Materials used in Modern Shipbuilding

The process of manufacturing a boat involves many steps including design, fabrication, assembly, testing, and so on. Design, in addition to being the first step, is among the most important. A pivotal aspect of the design process is deciding which material to use for the boat’s hull. In this blog we will discuss the four most commonly used materials for shipbuilding: steel, aluminum, fiber-reinforced plastic (FRP), and polyethylene.


Steel is among the most popular materials used for boats and has been the material of choice for the last century. It is popular for many reasons, such as its high strength, durability, resistance to abrasion, and relatively low cost. Despite this, as new composite materials are being developed, providing better and cheaper alternatives of equal strength and lesser weight, its popularity is beginning to wane. Nevertheless, steel is still widely used, especially in the production of large ships. In terms of sustainability, steel has a very precise production process that creates little to no constructional waste. Furthermore, it is fully recyclable at the end of its service life and is therefore a very sustainable option for boats.
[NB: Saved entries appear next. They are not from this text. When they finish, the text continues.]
Lemma interleave_closing s (rho : 'I_n -> seq T) :
  (forall i, all (fun a => comp a == i) (rho i)) -> (forall i, ~~ has d (rho i)) ->
  (forall i, nodip kind (count_mem i s) (rho i) /\ height kind (count_mem i s) (rho i) = 0) ->
  exists w, (forall i, proj comp i w = rho i) /\ ~~ has d w /\ nested_from kind comp s w.
Proof.
elim: s rho => [|i s IH] rho hc hd hb.
  exists (\big[cat/[::]]_(j < n) rho j); split; [|split].
  - move=> i; rewrite (big_morph (proj comp i) (fun x y => filter_cat _ x y)
      (erefl : proj comp i [::] = [::])).
    rewrite (eq_bigr (fun j => if j == i then rho i else [::])).
      by rewrite -big_mkcond big_pred1_eq.
    by move=> j _; rewrite (proj_component _ (hc j)); case: eqP => // ->.
  - rewrite (big_morph (has d) (fun x y => has_cat _ x y) (erefl : has d [::] = false)).
    by rewrite big1 // => j _; apply/negbTE.
  - elim/big_rec: _ => // j w _ hw; have [nj hj] := hb j.
    by rewrite -[[::]]/(nseq 0 j ++ [::]); apply: nested_from_component (hc j) nj _; rewrite hj.
have [ni hi] := hb i; rewrite /= eqxx add1n in ni hi.
have [|x1 [r [x2 [ri [nx1 [hx1 [kr [nx2 hx2]]]]]]]] :=
  split_first_dip (j := 0) (k := count_mem i s) ni; first by rewrite hi.
have := hc i; rewrite ri all_cat /= => /and3P[cx1 /eqP cr cx2].
have := hd i; rewrite ri has_cat /= negb_or => /andP[dx1 /norP[dr dx2]].
have [|||w [pw [dw nw]]] := IH [eta rho with i |-> x2].
- by move=> j /=; case: (j =P i) => [->|_].
- by move=> j /=; case: (j =P i).
- move=> j /=; case: (j =P i) => [->|/eqP ne]; first by rewrite nx2 hx2.
  by have := hb j; rewrite /= eq_sym (negbTE ne).
exists (x1 ++ r :: w); split; [exact: proj_prepend cx1 cr ri pw|split].
  by rewrite has_cat /= (negbTE dx1) (negbTE dr).
rewrite -[i :: s]/(nseq 0 i ++ i :: s); apply: nested_from_component cx1 nx1 _.
by rewrite hx1 /= kr cr eqxx.
Qed.

Lemma interleave_nested D s (rho : 'I_n -> seq T) :
  (forall i, all (fun a => comp a == i) (rho i)) ->
  (forall i, proj comp i D = filter d (rho i)) -> (forall i, dep_blocks (rho i)) ->
  (forall i, nodip kind (count_mem i s) (rho i) /\ height kind (count_mem i s) (rho i) = 0) ->
  exists w, (forall i, proj comp i w = rho i) /\ filter d w = D /\ nested_from kind comp s w.
Proof.
elim: D s rho => [|x D IH] s rho hc hD hg hb.
  have [|w [pw [/filter_nilP dw nw]]] := interleave_closing hc _ hb; last by exists w.
  by move=> i; apply/filter_nilP; rewrite -hD.
set i := comp x.
have fi : filter d (rho i) = x :: proj comp i D by rewrite -hD /proj /= eqxx.
have [p [q [ri [dp [np [dx [gq fq]]]]]]] := dep_blocks_first (hg i) fi.
have := hc i; rewrite ri all_cat /= => /and3P[cp /eqP cx cq].
have [] := hb i; rewrite ri nodip_cat height_cat /= (d_internal dx) => /andP[_ nq] hq.
have hp : height kind (count_mem i s) p = height kind 0 p + count_mem i s.
  by rewrite addnC -height_addn // addn0.
set rho' := [eta rho with i |-> q].
have hc' j : all (fun a => comp a == j) (rho' j) by rewrite /rho' /=; case: (j =P i) => [->|].
have hD' j : proj comp j D = filter d (rho' j).
  rewrite /rho' /=; case: (j =P i) => [->|ne]; first by rewrite fq.
  by rewrite -hD /proj /= cx; case: (i =P j) => // e; case: ne.
have hg' j : dep_blocks (rho' j) by rewrite /rho' /=; case: (j =P i).
have hb' j : nodip kind (count_mem j (nseq (height kind 0 p) i ++ s)) (rho' j) /\
    height kind (count_mem j (nseq (height kind 0 p) i ++ s)) (rho' j) = 0.
  rewrite /rho' count_cat count_nseq /=; case: (j =P i) => [->|/eqP ne].
    by rewrite eqxx mul1n -hp nq hq.
  by rewrite eq_sym (negbTE ne) mul0n add0n; apply: hb.
have [w [pw [fw nw]]] := IH _ _ hc' hD' hg' hb'.
exists (p ++ x :: w); split; [exact: proj_prepend cp cx ri pw|split].
  by have /filter_nilP pd := dp; rewrite filter_cat pd /= dx fw.
rewrite -[s]/(nseq 0 i ++ s); apply: nested_from_component cp np _.
by rewrite /= (d_internal dx).
Qed.

Lemma nested_reordering w :
  (forall i, dep_blocks (proj comp i w)) ->
  (forall i, nodip kind 0 (proj comp i w) /\ height kind 0 (proj comp i w) = 0) ->
  exists w', (forall i, proj comp i w' = proj comp i w) /\ filter d w' = filter d w /\
    nested_from kind comp [::] w'.
Proof.
move=> hg hb; apply: interleave_nested => // i; first exact: filter_all.
by rewrite /proj -!filter_predI; apply: eq_filter => a; apply: andbC.
Qed.
End Interleaving.

Section Reordering.
Variables (T : eqType) (C : Type) (M : T -> C -> C -> Prop) (n : nat) (comp : T -> 'I_n).

Lemma sound_commute_sym a b : sound_commute M a b -> sound_commute M b a.
Proof. by move=> h s s'; split => /h. Qed.

Lemma semw_move_front x a y s s' : (forall e, e \in x -> sound_commute M e a) ->
  semw M (x ++ a :: y) s s' -> semw M (a :: x ++ y) s s'.
Proof.
elim: x s => [|e x IH] s //= hx [t [h1 hxy]].
have [|u [hau hxy']] := IH t _ hxy; first by move=> e' ex; apply: hx; rewrite inE ex orbT.
have [|v [hav [u' [heu' eu]]]] := (hx e (mem_head _ _) s u).1.
  by exists t; split=> //; exists u.
by subst u'; exists v; split=> //; exists u.
Qed.

Variable d : pred T.
Hypothesis indep_of_not_d : forall a, ~~ d a -> indep M comp (comp a) a.

(* Mazurkiewicz trace argument: only letters of [d] from different components fail to commute. *)
Lemma semw_reorder w' : forall w, (forall i, proj comp i w = proj comp i w') ->
  filter d w = filter d w' -> forall s s', semw M w s s' -> semw M w' s s'.
Proof.
elim: w' => [|a w' IH] w hp hd s s'.
  by case: w hp hd => // b w /(_ (comp b)); rewrite /proj /= eqxx.
set i := comp a.
have hw : has (fun e => comp e == i) w by rewrite has_filter -/(proj comp i w) hp /proj /= eqxx.
move: hp hd; case: (split_find hw) => b x y /eqP cb xi; rewrite cat_rcons => hp hd.
have /filter_nilP pxi := xi; have /hasPn cx := xi.
have [eb pyi] : b = a /\ proj comp i y = proj comp i w'.
  by have := hp i; rewrite /proj filter_cat pxi /= cb eqxx => -[].
subst b; have fx : d a -> filter d x = [::].
  move=> da; case fxe: (filter d x) => [//|e0 x0].
  have : e0 \in filter d x by rewrite fxe mem_head.
  rewrite mem_filter => /andP[_ /cx]; move: hd; rewrite filter_cat fxe /= da => -[->].
  by rewrite /i eqxx.
have hx e : e \in x -> sound_commute M e a.
  move=> ex; have ne : comp a <> comp e by move=> ae; move: (cx e ex); rewrite -ae /i eqxx.
  case da: (d a).
    have : e \notin filter d x by rewrite fx.
    by rewrite mem_filter ex andbT => /indep_of_not_d [_]; apply.
  by apply: sound_commute_sym; case: (indep_of_not_d (negbT da)) => _; apply => /esym.
move=> /(semw_move_front hx) [t [hat hxy]]; exists t; split=> //; apply: IH hxy.
  move=> j; case: (j =P i) => [->|/eqP ne]; first by rewrite /proj filter_cat pxi.
  by have := hp j; rewrite /proj !filter_cat /= eq_sym (negbTE ne).
by move: hd; rewrite !filter_cat /=; case: (d a) fx => [/(_ isT) -> [->]|].
Qed.
End Reordering.

Section IndependentSpans.
Variables (T : eqType) (kind : T -> lkind) (C : Type) (M : T -> C -> C -> Prop).
Variables (n : nat) (comp : T -> 'I_n) (d : pred T).
Hypothesis d_of_indep : forall i a, indep M comp i a -> ~~ d a.

Lemma indep_segment_dfree i s :
  (forall l a, onth s l = Some a -> indep M comp i a) -> ~~ has d s.
Proof. by move=> hs; apply/hasPn => e /onthP [l] /hs /d_of_indep. Qed.

Lemma indep_span_split i w j : indep_span kind M comp i w j ->
  exists p c m r q, w = p ++ c :: m ++ r :: q /\ (j = size p \/ j = size (p ++ c :: m)) /\
    kind c = LCall /\ kind r = LRet /\ balanced kind m /\ ~~ has d m.
Proof.
case=> k [hm hbet].
have {hm} [p [c [m [r [q [wd [sp [sk [kc [kr hw]]]]]]]]]] : exists p c m r q,
    w = p ++ c :: m ++ r :: q /\ size p = minn j k /\ size (p ++ c :: m) = maxn j k /\
    kind c = LCall /\ kind r = LRet /\ wm kind m.
  case: hm => hm; have [jk _] := hm; have [p [c [m [r [q H]]]]] := matched_split hm.
  - by exists p, c, m, r, q; rewrite (minn_idPl (ltnW jk)) (maxn_idPr (ltnW jk)).
  - by exists p, c, m, r, q; rewrite (minn_idPr (ltnW jk)) (maxn_idPl (ltnW jk)).
exists p, c, m, r, q; split=> //; split; first by case: (leqP j k) => jk; [left|right]; lia.
do 2!split=> //; split; first exact: wm_balanced.
apply/hasPn => e em; case/splitPr: em wd sk => m1 m2 wd sk.
have pos : minn j k < size (p ++ c :: m1) < maxn j k.
  by rewrite -sp -sk !size_cat /= size_cat /=; lia.
have : onth w (size (p ++ c :: m1)) = Some e.
  by apply/onth_splitP; exists (p ++ c :: m1), (m2 ++ r :: q); rewrite wd -!catA.
by move/(hbet _ _ pos)/d_of_indep.
Qed.

Lemma tail_returns_closed i w u v : w = u ++ v -> split_cond kind M comp i w u ->
  (forall l a, onth v l = Some a -> indep M comp i a) -> returns_closed kind d w.
Proof.
move=> wuv hsc /indep_segment_dfree dv x r y wd kr hy.
have ltxu : size x < size u.
  rewrite ltnNge; apply/negP => lexu; move: dv.
  have -> : v = drop (size u) x ++ r :: y by rewrite -drop_cat_leq // -wd wuv drop_size_cat.
  by rewrite has_cat /= hy !orbT.
have ox : onth w (size x) = Some r by apply/onth_splitP; exists x, y.
have [p [c [m [r' [q [wd' [[pos|pos] [kc [kr' hm]]]]]]]]] :=
  indep_span_split (hsc _ _ ox (or_intror (conj kr ltxu))).
  have : onth w (size x) = Some c by rewrite pos; apply/onth_splitP; exists p, (m ++ r' :: q).
  by rewrite ox => -[ec]; move: kr; rewrite ec kc.
have [ex _] : x = p ++ c :: m /\ r :: y = r' :: q.
  by apply: cat_eq_size; rewrite // -catA -wd -wd'.
by exists p, c, m.
Qed.

Lemma head_returns_closed i w u v : w = u ++ v -> split_cond kind M comp i w u ->
  (forall l a, onth u l = Some a -> indep M comp i a) ->
  returns_closed (fun a => swap_kind (kind a)) d (rev w).
Proof.
move=> wuv hsc /indep_segment_dfree du x r y wd kr hy.
have wd' : w = rev y ++ r :: rev x by rewrite -[w]revK wd rev_cat rev_cons cat_rcons.
have kc : kind r = LCall by move: kr; case: (kind r).
have leuy : size u <= size (rev y).
  rewrite leqNgt; apply/negP => ltyu; move: du.
  have -> : u = rev y ++ drop (size (rev y)) u.
    have := congr1 (take (size (rev y))) (etrans (esym wuv) wd').
    rewrite take_cat ltyu take_size_cat // => ety.
    by rewrite -{1}(cat_take_drop (size (rev y)) u) ety.
  by rewrite has_cat has_rev hy.
have oy : onth w (size (rev y)) = Some r by apply/onth_splitP; exists (rev y), (rev x).
have [p [c [m [r' [q [wd2 [[pos|pos] [kc' [kr' [bm dm]]]]]]]]]] :=
  indep_span_split (hsc _ _ oy (or_introl (conj kc leuy))); last first.
  have : onth w (size (rev y)) = Some r'.
    by rewrite pos; apply/onth_splitP; exists (p ++ c :: m), q; rewrite wd2 -catA.
  by rewrite oy => -[er]; move: kc; rewrite er kr'.
have [_ [_ ex]] : rev y = p /\ r :: rev x = c :: m ++ r' :: q.
  by apply: cat_eq_size; rewrite // -wd' -wd2.
exists (rev q), r', (rev m); split; first by rewrite -[x]revK ex rev_cat rev_cons cat_rcons.
by rewrite kr' has_rev; split=> //; split; [apply: balanced_rev|].
Qed.
End IndependentSpans.

Section IndependentLetters.
Variables (T : Type) (C : Type) (M : T -> C -> C -> Prop) (n : nat) (comp : T -> 'I_n).

Definition indepb (a : T) : bool :=
  if excluded_middle_informative (indep M comp (comp a) a) then true else false.

Lemma indepbP a : reflect (indep M comp (comp a) a) (indepb a).
Proof. by rewrite /indepb; case: excluded_middle_informative => h; constructor. Qed.

Lemma indepb_of_indep i a : indep M comp i a -> indepb a.
Proof. by move=> ia; apply/indepbP; case: (ia) => ->. Qed.
End IndependentLetters.

Lemma well_nested_reordering (T : eqType) (kind : T -> lkind) (C : Type)
    (M : T -> C -> C -> Prop) n (comp : T -> 'I_n) (d : pred T) (P : 'I_n -> seq T -> Prop) rho :
  (forall a, d a -> kind a = LInt) -> (forall i a, indep M comp i a -> ~~ d a) ->
  (forall i w, P i w -> well_matched kind w) ->
  (forall i, tail_indep kind M comp i (P i)) \/ (forall i, head_indep kind M comp i (P i)) ->
  shuffle comp P rho ->
  exists w, (forall i, proj comp i w = proj comp i rho) /\ filter d w = filter d rho /\
    well_nested kind comp w.
Proof.
move=> d_internal d_of_indep hwm hind hsh.
have hb i := well_matched_balanced (hwm i _ (hsh i)).
case: hind => hind.
  have [|w [pw [fw nw]]] := nested_reordering d_internal (w := rho) _ hb.
    move=> i; have [u [v [wuv [hsc hv]]]] := hind i _ (hsh i).
    exact/(returns_closed_dep_blocks d_internal)/(tail_returns_closed d_of_indep wuv hsc hv).
  by exists w; do 2!split=> //; apply/nested_pairs_well_nested/(nested_from_pairs nw).
set kind' := fun a => swap_kind (kind a).
have d_internal' a : d a -> kind' a = LInt by move/d_internal; rewrite /kind' => ->.
have proj_rev i : proj comp i (rev rho) = rev (proj comp i rho) by apply: filter_rev.
have hg' i : dep_blocks kind' d (proj comp i (rev rho)).
  have [u [v [wuv [hsc hu]]]] := hind i _ (hsh i); rewrite proj_rev.
  exact/(returns_closed_dep_blocks d_internal')/(head_returns_closed d_of_indep wuv hsc hu).
have hb' i : nodip kind' 0 (proj comp i (rev rho)) /\ height kind' 0 (proj comp i (rev rho)) = 0.
  by have [/nodip_rev + h0] := hb i; rewrite proj_rev h0.
have [w [pw [fw nw]]] := nested_reordering d_internal' hg' hb'.
exists (rev w); split; [|split].
- by move=> i; rewrite /proj filter_rev -/(proj comp i w) pw proj_rev revK.
- by rewrite filter_rev fw filter_rev revK.
- by apply/nested_pairs_well_nested/nested_pairs_rev; rewrite revK; apply: nested_from_pairs nw.
Qed.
Aluminum is a material preferred by many boat manufacturers due to its lightweight nature, especially when compared to steel. In addition to being more stable and seaworthy, aluminum boats can travel faster due to their reduced weight. This also provides better fuel mileage. Other benefits of aluminum are its easy workability, resistance to chemicals and corrosion, and imperviousness to magnetism, all of which make it a great option. The drawbacks of aluminum are that it is expensive, soft, and more susceptible to abrasion. However, aluminum is recyclable, making is a sustainable option.

Fiber-Reinforced Plastic (FRP)

FRP has become a very popular material over the past decades and remains one of the best options on the market. It is a single structure that is lightweight, strong, watertight, durable, and resistant to corrosion. It was initially developed for military use, but has since been adopted by all levels of maritime application. Despite FRP being relatively cheap, the process of manufacturing boats from it requires highly skilled labor, making it less economically viable than other options. However, FRP has a much longer life than other materials, providing a good return on investment. Furthermore, FRP is fully recyclable and has no adverse effects on the marine ecosystem, making it a very sustainable product.


Finally, polyethylene is a very versatile material ideal for boat building across all marine applications. This includes surveillance, amateur and professional fishing, security, and others. The defining characteristics of polyethylene are its high strength-to-density ratio, advanced chemical & impact resistance, low maintenance, and greater buoyancy, all of which make it ideal for boat construction. Polyethylene is similar to FRP in that it is molded rather than fabricated like aluminum or steel. This allows for more complex designs. However, polyethylene is not without its disadvantages. For one, it is not as structurally stiff as aluminum or steel, which limits the number of boats it can be made with. Second, polyethylene tends to become brittle over time and cannot withstand high temperatures without deforming. However, polyethylene is recyclable and therefore a sustainable choice.